You are viewing a plain text version of this content. The canonical link for it is here.
Posted to user@beam.apache.org by "Tang Jijun (上海_技术部_数据平台_唐觊隽)" <ta...@yhd.com> on 2017/05/08 07:08:03 UTC

Learn testLateDataAccumulating

I am looking the testLateDataAccumulating method in CreateStreamTest.But I can’t unstand the code reded .

    PCollection<Integer> windowed = p
        .apply(source)
        .apply(Window.<Integer>into(FixedWindows.of(Duration.standardMinutes(5))).triggering(
            AfterWatermark.pastEndOfWindow()
                .withEarlyFirings(AfterProcessingTime.pastFirstElementInPane()
                    .plusDelayOf(Duration.standardMinutes(2)))
                .withLateFirings(AfterPane.elementCountAtLeast(1)))
            .accumulatingFiredPanes()
            .withAllowedLateness(Duration.standardMinutes(5), Window.ClosingBehavior.FIRE_ALWAYS));

Can anyone helps unstanding these triggers?

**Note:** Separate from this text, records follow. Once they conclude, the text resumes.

Lemma ex_series_sq_geom (q : R) : 0 <= q < 1 ->
  ex_series (fun n => (INR n + 1) ^ 2 * q ^ n).
Proof.
  (* With [q <= t^3]: [(n+1)^2 q^n <= ((n+1) t^n)^2 t^n], and [(n+1) t^n] is bounded. *)
  intros Hq. set (t := (2 + q) / 3).
  assert (Ht : 0 < t < 1) by (unfold t; lra).
  assert (Hqt : q <= t ^ 3).
  { replace (t ^ 3) with (q + (1 - q) ^ 2 * (q + 8) / 27) by (unfold t; field).
    assert (0 <= (1 - q) ^ 2) by apply pow2_ge_0. nra. }
  assert (Hd : 0 < t * (1 - t)) by nra.
  apply (ex_series_le (V := R_CompleteNormedModule) _ (fun n => / (t * (1 - t)) ^ 2 * t ^ n)).
  - intros n. change norm with Rabs.
    set (X := (INR n + 1) * t ^ n).
    assert (HX0 : 0 <= X) by (apply Rmult_le_pos; [pose proof (pos_INR n); lra|apply pow_le; lra]).
    assert (HX : X * (t * (1 - t)) <= 1) by apply succ_mul_pow_le, Ht.
    assert (Htn : 0 <= t ^ n) by (apply pow_le; lra).
    assert (Hqn : q ^ n <= t ^ n * t ^ n * t ^ n).
    { rewrite <- !Rpow_mult_distr. apply pow_incr. simpl in Hqt |- *. lra. }
    assert (HX2 : X ^ 2 <= / (t * (1 - t)) ^ 2).
    { apply Rmult_le_reg_r with ((t * (1 - t)) ^ 2); [apply pow_lt; lra|].
      rewrite Rinv_l by (apply pow_nonzero; lra). rewrite <- Rpow_mult_distr.
      rewrite <- (pow1 2). apply pow_incr. nra. }
    rewrite Rabs_pos_eq by (apply Rmult_le_pos; [apply pow2_ge_0|apply pow_le; lra]).
    apply Rle_trans with (X ^ 2 * t ^ n).
    + unfold X. assert (0 <= (INR n + 1) ^ 2) by apply pow2_ge_0.
      replace (((INR n + 1) * t ^ n) ^ 2 * t ^ n)
        with ((INR n + 1) ^ 2 * (t ^ n * t ^ n * t ^ n)) by ring.
      apply Rmult_le_compat_l; lra.
    + apply Rmult_le_compat_r; lra.
  - apply (ex_series_scal_l (K := R_AbsRing) (V := R_NormedModule) _ (fun n => t ^ n)).
    apply ex_series_geom. rewrite Rabs_pos_eq; lra.
Qed.

Definition deriv_coef (a : nat -> C) (n : nat) : C := (INR (S n) * a (S n))%C.

Definition pow_rem (w z : C) (n : nat) : C :=
  (w ^ S n - z ^ S n - INR (S n) * z ^ n * (w - z))%C.

Lemma pow_rem_S (w z : C) (n : nat) :
  pow_rem w z (S n) = (w * pow_rem w z n + INR (S n) * z ^ n * (w - z) * (w - z))%C.
Proof. unfold pow_rem. rewrite (S_INR (S n)), RtoC_plus. simpl. ring. Qed.

Lemma pow_rem_bound (w z : C) (rho : R) (n : nat) :
  0 < rho -> Cmod w <= rho -> Cmod z <= rho ->
  rho * Cmod (pow_rem w z n) <= INR n ^ 2 * rho ^ n * Cmod (w - z) ^ 2.
Proof.
  intros Hr Hw Hz. induction n as [|n IH].
  - replace (pow_rem w z 0) with (RtoC 0) by (unfold pow_rem; simpl; ring).
    rewrite Cmod_0. simpl. lra.
  - rewrite pow_rem_S.
    assert (Hh := Cmod_ge_0 (w - z)). assert (HE := Cmod_ge_0 (pow_rem w z n)).
    assert (Hzn : Cmod z ^ n <= rho ^ n) by (apply pow_incr; split; [apply Cmod_ge_0|exact Hz]).
    assert (Hrn : 0 <= rho ^ n) by (apply pow_le; lra).
    assert (Hn := pos_INR n).
    eapply Rle_trans; [apply Rmult_le_compat_l; [lra|apply Cmod_triangle]|].
    rewrite !Cmod_mult, Cmod_pow, Cmod_R, Rabs_pos_eq by apply pos_INR.
    rewrite S_INR.
    set (h2 := Cmod (w - z) ^ 2) in *. set (E := Cmod (pow_rem w z n)) in *.
    assert (Hh2 : 0 <= h2) by apply pow2_ge_0.
    assert (A : Cmod w * (rho * E) <= rho * (INR n ^ 2 * rho ^ n * h2)).
    { apply Rmult_le_compat; [apply Cmod_ge_0|nra|exact Hw|exact IH]. }
    assert (B : (INR n + 1) * Cmod z ^ n * h2 <= (INR n + 1) * rho ^ n * h2).
    { apply Rmult_le_compat_r; [exact Hh2|]. apply Rmult_le_compat_l; lra. }
    replace ((INR n + 1) * Cmod z ^ n * Cmod (w - z) * Cmod (w - z))
      with ((INR n + 1) * Cmod z ^ n * h2) by (unfold h2; ring).
    apply Rle_trans with (rho * (INR n ^ 2 * rho ^ n * h2) + rho * ((INR n + 1) * rho ^ n * h2)).
    + rewrite Rmult_plus_distr_l. apply Rplus_le_compat; [lra|].
      apply Rmult_le_compat_l; lra.
    + assert (0 <= rho * rho ^ n * h2) by (apply Rmult_le_pos; nra).
      simpl. nra.
Qed.

Lemma is_derive_of_sq_bound (g : C -> C) (z l : C) (c delta : R) : 0 < delta ->
  (forall w, Cmod (w - z) < delta -> Cmod (g w - g z - (w - z) * l) <= c * Cmod (w - z) ^ 2) ->
  is_derive (K := C_AbsRing) (V := C_NormedModule) g z l.
Proof.
  intros Hdelta Hg. split; [apply is_linear_scal_l|].
  intros x Hx eps. rewrite <- (is_filter_lim_locally_unique _ _ Hx).
  assert (Hc := Rabs_pos c).
  assert (Hr : 0 < Rmin delta (eps / (Rabs c + 1))).
  { apply Rmin_pos; [lra|]. apply Rdiv_lt_0_compat; [apply cond_pos|lra]. }
  apply filter_imp with (@ball_norm C_AbsRing (AbsRing_NormedModule C_AbsRing) z (mkposreal _ Hr));
    [|apply (@locally_ball_norm C_AbsRing (AbsRing_NormedModule C_AbsRing))].
  intros w Hw. unfold ball_norm in Hw. simpl in Hw. change norm with Cmod in Hw |- *.
  change minus with Cminus in Hw |- *. change scal with Cmult.
  assert (Hw1 : Cmod (w - z) < delta) by (eapply Rlt_le_trans; [exact Hw|apply Rmin_l]).
  assert (Hw2 : Cmod (w - z) < eps / (Rabs c + 1))
    by (eapply Rlt_le_trans; [exact Hw|apply Rmin_r]).
  assert (Hh := Cmod_ge_0 (w - z)).
  assert (Hce : Rabs c * Cmod (w - z) <= eps).
  { apply Rle_trans with ((Rabs c + 1) * (eps / (Rabs c + 1))); [nra|].
    right. field. lra. }
  eapply Rle_trans; [apply Hg, Hw1|].
  pose proof (Rle_abs c). simpl. nra.
Qed.

Section PowerSeries.

Variables (a : nat -> C) (g : C -> C).
Hypothesis Hg : forall z, unit_disk z -> is_series (fun n => (a n * z ^ n)%C) (g z).

Lemma coef_pow_bounded (r : R) : 0 <= r < 1 -> exists M, forall n, Cmod (a n) * r ^ n <= M.
Proof.
  intros Hr.
  assert (Hd : unit_disk (RtoC r)) by (unfold unit_disk; rewrite Cmod_R, Rabs_pos_eq; lra).
  destruct (is_series_terms_bounded _ _ (Hg _ Hd)) as [M HM].
  exists M. intros n. specialize (HM n).
  now rewrite Cmod_mult, <- RtoC_pow, Cmod_R, Rabs_pos_eq in HM by (apply pow_le; lra).
Qed.

Lemma ex_series_coef_weighted (rho : R) : 0 <= rho < 1 ->
  ex_series (fun n => (INR n + 1) ^ 2 * (Cmod (a (S n)) * rho ^ n)).
Proof.
  intros Hrho. set (r := (1 + rho) / 2).
  destruct (coef_pow_bounded r) as [M HM]; [unfold r; lra|].
  assert (Hr : 0 < r) by (unfold r; lra).
  apply (ex_series_le (V := R_CompleteNormedModule) _
           (fun n => M / r * ((INR n + 1) ^ 2 * (rho / r) ^ n))).
  - intros n. change norm with Rabs.
    assert (Hsq := pow2_ge_0 (INR n + 1)).
    assert (Han := Cmod_ge_0 (a (S n))).
    assert (Hrn : 0 <= rho ^ n) by (apply pow_le; lra).
    rewrite Rabs_pos_eq by (apply Rmult_le_pos; [lra|nra]).
    replace (M / r * ((INR n + 1) ^ 2 * (rho / r) ^ n))
      with ((INR n + 1) ^ 2 * (M * (rho ^ n / r ^ S n)))
      by (assert (r ^ n <> 0) by (apply pow_nonzero; lra);
          unfold Rdiv; rewrite Rpow_mult_distr, pow_inv; simpl; field; lra).
    apply Rmult_le_compat_l; [lra|].
    assert (Hrsn : 0 < r ^ S n) by (apply pow_lt; lra).
    replace (Cmod (a (S n)) * rho ^ n) with (Cmod (a (S n)) * r ^ S n * (rho ^ n / r ^ S n))
      by (field; lra).
    apply Rmult_le_compat_r; [apply Rdiv_le_0_compat; lra|apply HM].
  - apply (ex_series_scal_l (K := R_AbsRing) (V := R_NormedModule) _
             (fun n => (INR n + 1) ^ 2 * (rho / r) ^ n)), ex_series_sq_geom.
    split; [apply Rdiv_le_0_compat; lra|]. apply Rmult_lt_reg_r with r; [lra|].
    unfold Rdiv. rewrite Rmult_assoc, Rinv_l; unfold r; lra.
Qed.

Lemma ex_series_deriv_coef_abs (r : R) : 0 <= r < 1 ->
  ex_series (fun n => Cmod (deriv_coef a n) * r ^ n).
Proof.
  intros Hr.
  refine (ex_series_le (V := R_CompleteNormedModule) _ _ _ (ex_series_coef_weighted r Hr)).
  intros n. change norm with Rabs. unfold deriv_coef.
  rewrite Cmod_mult, Cmod_R, (Rabs_pos_eq (INR (S n))), S_INR by apply pos_INR.
  assert (HX : 0 <= Cmod (a (S n)) * r ^ n)
    by (apply Rmult_le_pos; [apply Cmod_ge_0|apply pow_le; lra]).
  assert (Hn := pos_INR n).
  rewrite Rmult_assoc, Rabs_pos_eq by nra. nra.
Qed.

Lemma ex_series_deriv (z : C) : unit_disk z -> ex_series (fun n => (deriv_coef a n * z ^ n)%C).
Proof.
  intros Hz.
  refine (ex_series_le (V := C_CompleteNormedModule) _ _ _
           (ex_series_deriv_coef_abs (Cmod z) (conj (Cmod_ge_0 z) Hz))).
  intros n. change norm with Cmod. now rewrite Cmod_mult, Cmod_pow.
Qed.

Re: Learn testLateDataAccumulating

Posted by Lukasz Cwik <lc...@google.com>.
There are 3 groupings of firings, before the watermark has passed the end
of the window, when the watermark reaches the end of the window, and after
the watermark has passed the end of the window.
They typically represent before and after watermark represent speculative
and late data respectively.

AfterWatermark.pastEndOfWindow()
Produce a pane of output once the watermark is past the end of the window

.withEarlyFirings(AfterProcessingTime.pastFirstElementInPane().plusDelayOf(Duration.standardMinutes(2)))
Produce speculative pane of output once you see an element and at least 2
mins have passed, and then repeat

.withLateFirings(AfterPane.elementCountAtLeast(1)))
Produce late pane of output after you have seen at least one element, and
then repeat

.accumulatingFiredPanes() tells us that we want to accumulate the results
of each pane, so all future outputs will contain all prior output data.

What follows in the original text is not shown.